Exact factorization of $a^m+b^m$ and $a^m-b^m$

Question

Let $a,b$ be two indeterminates. I read here that $a^m + b^m$ is divisible by $(a+b)$ if $m$ is odd and $a^m - b^m$ is divisible by $(a+b)$ if $m$ is even. I am interested in an exact expression $f(a,b)$ such that $a^m + b^m=(a+b)f(a,b)$ if $m$ is odd and the same for the case of even exponents. Can someone provide such a $f(a,b)$ for both cases? I would be very thankful.

Answer 1

If $m$ is odd, one has $a^m+b^m = (a+b)(a^{m-1}-a^{m-2}b+\dots-ab^{m-2}+b^{m-1})$, where in the last factor, the powers of $a$ and $b$ add to $m-1$ in every term.

If $m$ is even, $m=2l$ for an integer $l$. We get $a^m-b^m=a^{2l}-b^{2l}=(a^l)^2-(b^l)^2=(a^l+b^l)(a^l-b^l)$. If $l$ is even, one can keep repeating this trick on the second factor until one gets the factor $(a^k+b^k)(a^k-b^k)$ where $k$ is odd (since one always gets an odd number after dividing by 2 for a finite amount of times). Then one can use the first argument.

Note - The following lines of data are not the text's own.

(* Let $A$ be a $2\times2$ integer matrix with determinant $1$ and no eigenvalue of modulus $1$, $f_A\colon\mathbb{T}^2\to\mathbb{T}^2$ the induced Anosov diffeomorphism, and $g_A\colon\mathbb{S}^2\to\mathbb{S}^2$ the homeomorphism induced by $f_A$ on the quotient $\mathbb{S}^2=\mathbb{T}^2/(x\sim -x)$. Then $g_A$ has the two-sided limit shadowing property.
   Context: A homeomorphism $f$ of a compact metric space has the two-sided limit shadowing property if for every sequence $(x_k)_{k\in\mathbb{Z}}$ with $d(f(x_k),x_{k+1})\to0$ as $|k|\to\infty$ there is $y$ with $d(f^k(y),x_k)\to0$ as $|k|\to\infty$. *)

From Stdlib Require Import Reals ZArith.
Open Scope R_scope.

Definition iterZ {X : Type} (f finv : X -> X) (k : Z) (x : X) : X :=
  match k with
  | Z0 => x
  | Zpos p => Nat.iter (Pos.to_nat p) f x
  | Zneg p => Nat.iter (Pos.to_nat p) finv x
  end.

Definition tends_to_zero_two_sided (u : Z -> R) : Prop :=
  forall eps : R, eps > 0 ->
    exists N : Z, forall k : Z, (Z.abs k >= N)%Z -> Rabs (u k) < eps.

Definition two_sided_limit_shadowing {X : Type} (d : X -> X -> R)
    (f finv : X -> X) : Prop :=
  forall x : Z -> X,
    tends_to_zero_two_sided (fun k => d (f (x k)) (x (k + 1)%Z)) ->
    exists y : X,
      tends_to_zero_two_sided (fun k => d (iterZ f finv k y) (x k)).

(** * The torus T^2 = R^2/Z^2 and the sphere S^2 = T^2/(x ~ -x),
    points represented by their lifts in R^2. *)

Definition pt := (R * R)%type.

Definition circ_norm (t : R) : R := Rmin (frac_part t) (1 - frac_part t).

Definition dT (x y : pt) : R :=
  Rmax (circ_norm (fst x - fst y)) (circ_norm (snd x - snd y)).

Definition neg_pt (y : pt) : pt := (- fst y, - snd y).

Definition dS (x y : pt) : R := Rmin (dT x y) (dT x (neg_pt y)).

(** The integer matrix A = [[a, b], [c, d]] acting linearly on lifts;
    this descends to f_A on T^2 and to g_A on S^2. *)
Definition lin (a b c d : Z) (x : pt) : pt :=
  (IZR a * fst x + IZR b * snd x, IZR c * fst x + IZR d * snd x).

(* A has an eigenvalue lambda = u + i v with |lambda| = 1, i.e.
   det (A - lambda I) = (a - lambda)(d - lambda) - b c = 0 written out in
   real and imaginary parts. *)
Definition has_unimodular_eigenvalue (a b c d : Z) : Prop :=
  exists u v : R, u ^ 2 + v ^ 2 = 1 /\
    (IZR a - u) * (IZR d - u) - v ^ 2 - IZR b * IZR c = 0 /\
    v * ((IZR a - u) + (IZR d - u)) = 0.

(* g_A on S^2 (via lifts) and its inverse g_{A^{-1}}, A^{-1} = [[d,-b],[-c,a]]
   since det A = 1. *)
Definition gA (a b c d : Z) : pt -> pt := lin a b c d.
Definition gA_inv (a b c d : Z) : pt -> pt := lin d (- b) (- c) a.

From Stdlib Require Import Reals ZArith Lra Lia.
Open Scope R_scope.

(* Lift the asymptotic pseudo-orbit x from S^2 to R^2: going forward, z_(k+1) is
   the lift of x_(k+1) nearest to A z_k; going backward, z_(k-1) is chosen so that
   A z_(k-1) is the lift of A x_(k-1) nearest to z_k.  Then |A z_k - z_(k+1)| is at
   most dS (g_A x_k) x_(k+1), which tends to 0.  Since |tr A| > 2, A has real
   eigenvalues off the unit circle, and in left-eigenvector coordinates the lift
   splits into two scalar sequences with p_(k+1) - rho p_k -> 0.  For |rho| > 1 such
   a p is shadowed by k |-> C rho^k with C = lim p_n rho^(-n) (the increments of
   p_n rho^(-n) decay geometrically), while as k -> -oo both tend to 0 because
   multiplication by rho contracts backwards; |rho| < 1 follows by reversing time.
   The point of R^2 with these two eigen-coordinates has an A-orbit asymptotic to the
   lift at both ends, so its projection shadows x on S^2. *)

(** * Distances on the torus and the sphere *)

Definition nearest_int (t : R) : Z :=
  if Rle_dec (frac_part t) (1 - frac_part t) then Int_part t else (Int_part t + 1)%Z.

Lemma frac_part_bounds t : 0 <= frac_part t < 1.
Proof. unfold frac_part. destruct (base_Int_part t). lra. Qed.

Lemma circ_norm_nearest_int t : circ_norm t = Rabs (t - IZR (nearest_int t)).
Proof.
  unfold circ_norm, nearest_int, Rmin. pose proof (frac_part_bounds t).
  unfold frac_part in *. destruct (Rle_dec _ _).
  - rewrite Rabs_right; lra.
  - rewrite plus_IZR, Rabs_left1; lra.
Qed.

Lemma circ_norm_le_dist_int t (m : Z) : circ_norm t <= Rabs (t - IZR m).
Proof.
  unfold circ_norm. pose proof (frac_part_bounds t). unfold frac_part in *.
  destruct (Z_le_gt_dec m (Int_part t)) as [Hm | Hm].
  - apply IZR_le in Hm. eapply Rle_trans; [apply Rmin_l |]. rewrite Rabs_right; lra.
  - assert (Hm' : IZR (Int_part t + 1) <= IZR m) by (apply IZR_le; lia).
    rewrite plus_IZR in Hm'.
    eapply Rle_trans; [apply Rmin_r |]. rewrite Rabs_left1; lra.
Qed.

Lemma circ_norm_nonneg t : 0 <= circ_norm t.
Proof. rewrite circ_norm_nearest_int. apply Rabs_pos. Qed.

Lemma circ_norm_le_abs t : circ_norm t <= Rabs t.
Proof. rewrite <- (Rminus_0_r t) at 2. apply (circ_norm_le_dist_int t 0). Qed.

Lemma circ_norm_add_int t (n : Z) : circ_norm (t + IZR n) = circ_norm t.
Proof.
  apply Rle_antisym.
  - rewrite (circ_norm_nearest_int t).
    replace (t - IZR (nearest_int t)) with (t + IZR n - IZR (nearest_int t + n))
      by (rewrite plus_IZR; ring).
    apply circ_norm_le_dist_int.
  - rewrite (circ_norm_nearest_int (t + IZR n)).
    replace (t + IZR n - IZR (nearest_int (t + IZR n)))
      with (t - IZR (nearest_int (t + IZR n) - n)) by (rewrite minus_IZR; ring).
    apply circ_norm_le_dist_int.
Qed.

Lemma circ_norm_opp t : circ_norm (- t) = circ_norm t.
Proof.
  assert (Hle : forall s, circ_norm (- s) <= circ_norm s).
  { intro s. rewrite (circ_norm_nearest_int s), <- Rabs_Ropp.
    replace (- (s - IZR (nearest_int s))) with (- s - IZR (- nearest_int s))
      by (rewrite opp_IZR; ring).
    apply circ_norm_le_dist_int. }
  apply Rle_antisym; [apply Hle |].
  rewrite <- (Ropp_involutive t) at 1. apply Hle.
Qed.

Definition translate (q : pt) (n1 n2 : Z) : pt := (fst q + IZR n1, snd q + IZR n2).

Definition sphere_equiv (p q : pt) : Prop :=
  exists n1 n2 : Z, p = translate q n1 n2 \/ p = translate (neg_pt q) n1 n2.

Definition sup_dist (p q : pt) : R := Rmax (Rabs (fst p - fst q)) (Rabs (snd p - snd q)).

Lemma dT_sym u v : dT u v = dT v u.
Proof.
  unfold dT. rewrite <- (circ_norm_opp (fst u - fst v)), <- (circ_norm_opp (snd u - snd v)).
  f_equal; f_equal; ring.
Qed.

Lemma dT_neg_sym u v : dT u (neg_pt v) = dT v (neg_pt u).
Proof. unfold dT, neg_pt; simpl. f_equal; f_equal; ring. Qed.

Lemma dS_sym u v : dS u v = dS v u.
Proof. unfold dS. rewrite dT_sym, dT_neg_sym. reflexivity. Qed.

Lemma dT_translate_r u v n1 n2 : dT u (translate v n1 n2) = dT u v.
Proof.
  unfold dT, translate; simpl.
  rewrite <- (circ_norm_add_int (fst u - fst v) (- n1)),
          <- (circ_norm_add_int (snd u - snd v) (- n2)), !opp_IZR.
  f_equal; f_equal; ring.
Qed.

Lemma neg_pt_translate v n1 n2 :
  neg_pt (translate v n1 n2) = translate (neg_pt v) (- n1) (- n2).
Proof. unfold neg_pt, translate; simpl. rewrite !opp_IZR. f_equal; ring. Qed.

Lemma neg_pt_involutive v : neg_pt (neg_pt v) = v.
Proof. destruct v. unfold neg_pt; simpl. rewrite !Ropp_involutive. reflexivity. Qed.

Lemma dS_translate_r u v n1 n2 : dS u (translate v n1 n2) = dS u v.
Proof. unfold dS. rewrite neg_pt_translate, !dT_translate_r. reflexivity. Qed.

Lemma dS_neg_r u v : dS u (neg_pt v) = dS u v.
Proof. unfold dS. rewrite neg_pt_involutive. apply Rmin_comm. Qed.

Lemma dS_sphere_equiv_r u p q : sphere_equiv p q -> dS u p = dS u q.
Proof.
  intros (n1 & n2 & [-> | ->]); rewrite dS_translate_r; [reflexivity | apply dS_neg_r].
Qed.

Lemma dS_sphere_equiv_l u p q : sphere_equiv p q -> dS p u = dS q u.
Proof. intro Hpq. rewrite dS_sym, (dS_sym q). apply dS_sphere_equiv_r, Hpq. Qed.

Lemma sphere_equiv_lin a b c d p q :
  sphere_equiv p q -> sphere_equiv (lin a b c d p) (lin a b c d q).
Proof.
  intros (n1 & n2 & Hp). exists (a * n1 + b * n2)%Z, (c * n1 + d * n2)%Z.
  destruct Hp as [-> | ->]; [left | right];
    unfold lin, translate, neg_pt; simpl; rewrite !plus_IZR, !mult_IZR; f_equal; ring.
Qed.

Definition nearest_translate (p q : pt) : pt :=
  translate q (nearest_int (fst p - fst q)) (nearest_int (snd p - snd q)).

Definition nearest_lift (p q : pt) : pt :=
  if Rle_dec (dT p q) (dT p (neg_pt q)) then nearest_translate p q
  else nearest_translate p (neg_pt q).

Lemma nearest_lift_equiv p q : sphere_equiv (nearest_lift p q) q.
Proof.
  unfold nearest_lift, nearest_translate.
  destruct (Rle_dec _ _); do 2 eexists; [left | right]; reflexivity.
Qed.

Lemma sup_dist_nearest_translate p q : sup_dist p (nearest_translate p q) = dT p q.
Proof.
  unfold sup_dist, nearest_translate, translate, dT; simpl.
  rewrite !circ_norm_nearest_int. f_equal; f_equal; ring.
Qed.

Lemma sup_dist_nearest_lift p q : sup_dist p (nearest_lift p q) = dS p q.
Proof.
  unfold nearest_lift, dS, Rmin. destruct (Rle_dec _ _); apply sup_dist_nearest_translate.
Qed.

Lemma sup_dist_sym p q : sup_dist p q = sup_dist q p.
Proof. unfold sup_dist. rewrite (Rabs_minus_sym (fst p)), (Rabs_minus_sym (snd p)). reflexivity. Qed.

Lemma dS_le_sup_dist p q : dS p q <= sup_dist p q.
Proof.
  unfold dS, dT, sup_dist. eapply Rle_trans; [apply Rmin_l |].
  apply Rmax_lub; [eapply Rle_trans; [apply circ_norm_le_abs | apply Rmax_l]
                 |eapply Rle_trans; [apply circ_norm_le_abs | apply Rmax_r]].
Qed.

Lemma dS_nonneg p q : 0 <= dS p q.
Proof.
  unfold dS, dT. apply Rmin_glb; (eapply Rle_trans; [apply circ_norm_nonneg | apply Rmax_l]).
Qed.

(** * Sequences tending to zero *)

Local Notation tz := tends_to_zero_two_sided.

Lemma tz_le (u v : Z -> R) : tz v -> (forall k, Rabs (u k) <= v k) -> tz u.
Proof.
  intros Hv Huv eps Heps. destruct (Hv eps Heps) as [N HN]. exists N. intros k Hk.
  eapply Rle_lt_trans; [apply Huv |]. eapply Rle_lt_trans; [apply Rle_abs | apply HN, Hk].
Qed.

Lemma tz_abs (u : Z -> R) : tz u -> tz (fun k => Rabs (u k)).
Proof.
  intros Hu eps Heps. destruct (Hu eps Heps) as [N HN]. exists N. intros k Hk.
  rewrite Rabs_Rabsolu. apply HN, Hk.
Qed.

Lemma tz_ext (u v : Z -> R) : tz u -> (forall k, v k = u k) -> tz v.
Proof.
  intros Hu Huv. apply (tz_le v (fun k => Rabs (u k))); [apply tz_abs, Hu |].
  intro k. rewrite Huv. apply Rle_refl.
Qed.

Lemma tz_plus (u v : Z -> R) : tz u -> tz v -> tz (fun k => u k + v k).
Proof.
  intros Hu Hv eps Heps.
  destruct (Hu (eps / 2)) as [N1 HN1]; [lra |]. destruct (Hv (eps / 2)) as [N2 HN2]; [lra |].
  exists (Z.max N1 N2). intros k Hk.
  specialize (HN1 k ltac:(lia)). specialize (HN2 k ltac:(lia)).
  eapply Rle_lt_trans; [apply Rabs_triang | lra].
Qed.

Lemma tz_scal (K : R) (u : Z -> R) : tz u -> tz (fun k => K * u k).
Proof.
  intros Hu eps Heps. pose proof (Rabs_pos K).
  destruct (Hu (eps / (Rabs K + 1))) as [N HN]; [apply Rdiv_lt_0_compat; lra |].
  exists N. intros k Hk. specialize (HN k Hk). rewrite Rabs_mult.
  apply (Rmult_lt_compat_l (Rabs K + 1)) in HN; [| lra].
  replace ((Rabs K + 1) * (eps / (Rabs K + 1))) with eps in HN by (field; lra).
  pose proof (Rabs_pos (u k)). nra.
Qed.

Lemma tz_reflect (u : Z -> R) (m : Z) : tz u -> tz (fun k => u (m - k)%Z).
Proof.
  intros Hu eps Heps. destruct (Hu eps Heps) as [N HN].
  exists (N + Z.abs m)%Z. intros k Hk. apply HN. lia.
Qed.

Edit: It is hard to explicitely write down the second factorization for arbitrary even $m$, since one does not know how many times one can divide $m$ by 2 before getting an odd number, but given an explicit $m$, it should be clear how you should find the factorization.

Answer 2

You can perform long division (eg divide $x^m + 1$ for $m$ odd and $x^m - 1$ for $m$ even by $x + 1$, where $x = a/b$) to get $a^m + b^m = (a + b)(a^{m - 1} - a^{m-2} b + \dots + b^{m-1})$ when $m$ is odd and $a^m - b^m = (a + b)(a^{m - 1} - a^{m-2} b + \dots - b^{m - 1})$ when $m$ is even. Once you have the formulas it's even easier to check by multiplying out.